TRY IT
Find the word "pose" below. Copy each line that has it.

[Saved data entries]
________________________________________

Lemma upd_same th j k : upd th j (th j) k = th k.
Proof. unfold upd; destruct (Nat.eqb_spec k j) as [->|]; reflexivity. Qed.

Lemma derivable_pt_lim_upd th j k :
  derivable_pt_lim (fun t => upd th j t k) (th j) (kron k j).
Proof.
  unfold upd, kron; destruct (k =? j)%nat.
  - apply derivable_pt_lim_id.
  - apply derivable_pt_lim_const.
Qed.

Lemma derivable_pt_lim_rsum m (f : nat -> R -> R) (d : nat -> R) x :
  (forall l, (l < m)%nat -> derivable_pt_lim (f l) x (d l)) ->
  derivable_pt_lim (fun t => rsum m (fun l => f l t)) x (rsum m d).
Proof.
  induction m as [|m IH]; intros H; simpl.
  - apply derivable_pt_lim_const.
  - apply (derivable_pt_lim_plus (fun t => rsum m (fun l => f l t)) (f m)).
    + apply IH; intros; apply H; lia.
    + apply H; lia.
Qed.

Definition flow_weight (b : nat -> nat -> R) (V th : nat -> R) (i l : nat) : R :=
  V i * V l * b i l * cos (th i - th l).

Lemma derivable_pt_lim_Pinj n b V th i j : (j < n)%nat ->
  derivable_pt_lim (fun t => Pinj n b V (upd th j t) i) (th j)
    (laplacian n (flow_weight b V th) i j).
Proof.
  intros Hj; rewrite laplacian_rsum by assumption.
  apply derivable_pt_lim_rsum; intros l _.
  pose proof (derivable_pt_lim_minus _ _ _ _ _
                (derivable_pt_lim_upd th j i) (derivable_pt_lim_upd th j l)) as Hdiff.
  pose proof (derivable_pt_lim_scal _ (V i * V l * b i l) _ _
                (derivable_pt_lim_comp _ sin _ _ _ Hdiff (derivable_pt_lim_sin _))) as Hterm.
  unfold minus_fct, mult_real_fct, comp in Hterm; rewrite !upd_same in Hterm.
  unfold flow_weight.
  replace (V i * V l * b i l * cos (th i - th l) * (kron i j - kron l j))
    with (V i * V l * b i l * (cos (th i - th l) * (kron i j - kron l j))) by ring.
  exact Hterm.
Qed.

Lemma flow_weight_bounds b V Vmax th i l :
  0 <= b i l -> (0 < b i l -> Rabs (th i - th l) < PI / 2) ->
  0 < V i <= Vmax i -> 0 < V l <= Vmax l ->
  0 <= flow_weight b V th i l <= Vmax i * Vmax l * b i l.
Proof.
  intros Hb Hang HVi HVl; unfold flow_weight.
  destruct (Rle_lt_or_eq_dec _ _ Hb) as [Hpos|Hzero].
  - pose proof (Rabs_def2 _ _ (Hang Hpos)) as Hth.
    assert (Hcos0 : 0 <= cos (th i - th l)) by (apply cos_ge_0; lra).
    pose proof (COS_bound (th i - th l)) as Hcos1.
    assert (Hp0 : 0 <= V i * V l * b i l) by (apply Rmult_le_pos; nra).
    assert (Hp1 : V i * V l * b i l <= Vmax i * Vmax l * b i l)
      by (apply Rmult_le_compat_r; nra).
    split; nra.
  - rewrite <- Hzero; split; right; ring.
Qed.

Definition rescale (P : nat -> bool) (g x : nat -> R) (k : nat) : R :=
  if P k then x k / sqrt (g k) else 0.

Lemma qform_quad n P g A x : qform n P g A x = quad n A (rescale P g x).
Proof.
  unfold qform, rsum_in, quad, dot, matvec, rescale.
  apply rsum_ext; intros i _; destruct (P i); [|ring].
  rewrite <- rsum_mull; apply rsum_ext; intros j _.
  destruct (P j); [unfold Rdiv; rewrite Rinv_mult|]; ring.
Qed.

Lemma sqnorm_rescale n P g x : (forall i, (i < n)%nat -> 0 < g i) ->
  sqnorm n P x = rsum n (fun i => g i * (rescale P g x i * rescale P g x i)).
Proof.
  intros Hg; unfold sqnorm, rsum_in, rescale.
  apply rsum_ext; intros i Hi; destruct (P i); [|ring].
  pose proof (Hg i Hi) as Hgi; pose proof (sqrt_lt_R0 _ Hgi).
  rewrite <- (sqrt_sqrt (g i)) at 1 by lra; field; lra.
Qed.

Lemma qform_bounds n P g A x : (forall i, (i < n)%nat -> 0 < g i) ->
  (forall z, 0 <= quad n A z <= rsum n (fun i => g i * (z i * z i))) ->
  0 <= qform n P g A x <= sqnorm n P x.
Proof.
  intros Hg HA; rewrite qform_quad, (sqnorm_rescale n P g x Hg); apply HA.
Qed.

Theorem lemma1 (n : nat) (b : nat -> nat -> R) (Vmax V0 th0 : nat -> R)
  (L : nat -> nat -> R)
  (Hbsym : forall i l, (i < n)%nat -> (l < n)%nat -> b i l = b l i)
  (Hbnn : forall i l, (i < n)%nat -> (l < n)%nat -> 0 <= b i l)
  (Hbdiag : forall i, (i < n)%nat -> b i i = 0)
  (HVmax : forall i, (i < n)%nat -> 0 < Vmax i)
  (HAang : forall i j, (i < n)%nat -> (j < n)%nat -> 0 < b i j ->
             Rabs (th0 i - th0 j) < PI / 2)
  (HAV : forall i, (i < n)%nat -> 0 < V0 i <= Vmax i)
  (Hgam : forall i, (i < n)%nat -> 0 < gam n b Vmax i)
  (HL : forall i j, (i < n)%nat -> (j < n)%nat ->
          derivable_pt_lim (fun t => Pinj n b V0 (upd th0 j t) i) (th0 j) (L i j)) :
  (forall (S2 : nat -> bool) (M : nat -> nat -> R),
     (forall i j, (i < n)%nat -> (j < n)%nat -> S2 i = true -> S2 j = true ->
        rsum_in n S2 (fun k => L i k * M k j) = kron i j /\
        rsum_in n S2 (fun k => M i k * L k j) = kron i j) ->
     forall x : nat -> R,
       let S1 := fun k => negb (S2 k) in
       0 <= qform n S1 (gam n b Vmax) (schur n S2 L M) x /\
       qform n S1 (gam n b Vmax) (schur n S2 L M) x <= sqnorm n S1 x)
  /\
  ((forall i j, (i < n)%nat -> (j < n)%nat ->
      L i j / (sqrt (gam n b Vmax i) * sqrt (gam n b Vmax j)) =
      L j i / (sqrt (gam n b Vmax j) * sqrt (gam n b Vmax i))) /\
   forall x : nat -> R,
     0 <= qform n (fun _ => true) (gam n b Vmax) L x /\
     qform n (fun _ => true) (gam n b Vmax) L x <= sqnorm n (fun _ => true) x).
Proof.
  set (g := gam n b Vmax); set (W := flow_weight b V0 th0).
  assert (HLW : forall i j, (i < n)%nat -> (j < n)%nat -> L i j = laplacian n W i j).
  { intros i j Hi Hj; eapply uniqueness_limite; [apply HL|apply derivable_pt_lim_Pinj]; auto. }
  assert (HWsym : forall i l, (i < n)%nat -> (l < n)%nat -> W i l = W l i).
  { intros i l Hi Hl; unfold W, flow_weight; rewrite Hbsym by assumption.
    replace (th0 l - th0 i) with (- (th0 i - th0 l)) by ring; rewrite cos_neg; ring. }
  assert (HWb : forall i l, (i < n)%nat -> (l < n)%nat -> 0 <= W i l <= Vmax i * Vmax l * b i l).
  { intros i l Hi Hl; apply flow_weight_bounds; auto. }
  assert (Hdeg : forall i, (i < n)%nat -> 2 * rsum n (W i) <= g i).
  { intros i Hi; apply Rmult_le_compat_l; [lra|]; apply rsum_le; intros; apply HWb; auto. }
  assert (HLsym : symmetric n L).
  { intros i j Hi Hj; rewrite !HLW by assumption; apply laplacian_symmetric; auto. }
  assert (HLbounds : forall z, 0 <= quad n L z <= rsum n (fun i => g i * (z i * z i))).
  { intros z; rewrite (quad_ext n L (laplacian n W)) by assumption; split.
    - apply quad_laplacian_nonneg; auto; apply HWb.
    - eapply Rle_trans; [apply quad_laplacian_le_degree; auto; apply HWb|].
      apply rsum_le; intros i Hi; apply Rmult_le_compat_r; [nra|auto]. }
  split; [|split].
  - intros S2 M HM x S1; apply qform_bounds; [assumption|]; intros z.
    pose proof (quad_schur_bounds n S2 L M HLsym (fun i j Hi Hj Si Sj => proj1 (HM i j Hi Hj Si Sj))
                  (fun u => proj1 (HLbounds u)) z).
    pose proof (HLbounds z); lra.
  - intros i j Hi Hj; rewrite HLsym, (Rmult_comm (sqrt (g i))) by assumption; reflexivity.
  - intros x; apply qform_bounds; assumption.
Qed.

________________________________________

EXPECTED ANSWER
  pose proof (derivable_pt_lim_minus _ _ _ _ _
  pose proof (derivable_pt_lim_scal _ (V i * V l * b i l) _ _
  - pose proof (Rabs_def2 _ _ (Hang Hpos)) as Hth.
    pose proof (COS_bound (th i - th l)) as Hcos1.
  pose proof (Hg i Hi) as Hgi; pose proof (sqrt_lt_R0 _ Hgi).
    pose proof (quad_schur_bounds n S2 L M HLsym (fun i j Hi Hj Si Sj => proj1 (HM i j Hi Hj Si Sj))
    pose proof (HLbounds z); lra.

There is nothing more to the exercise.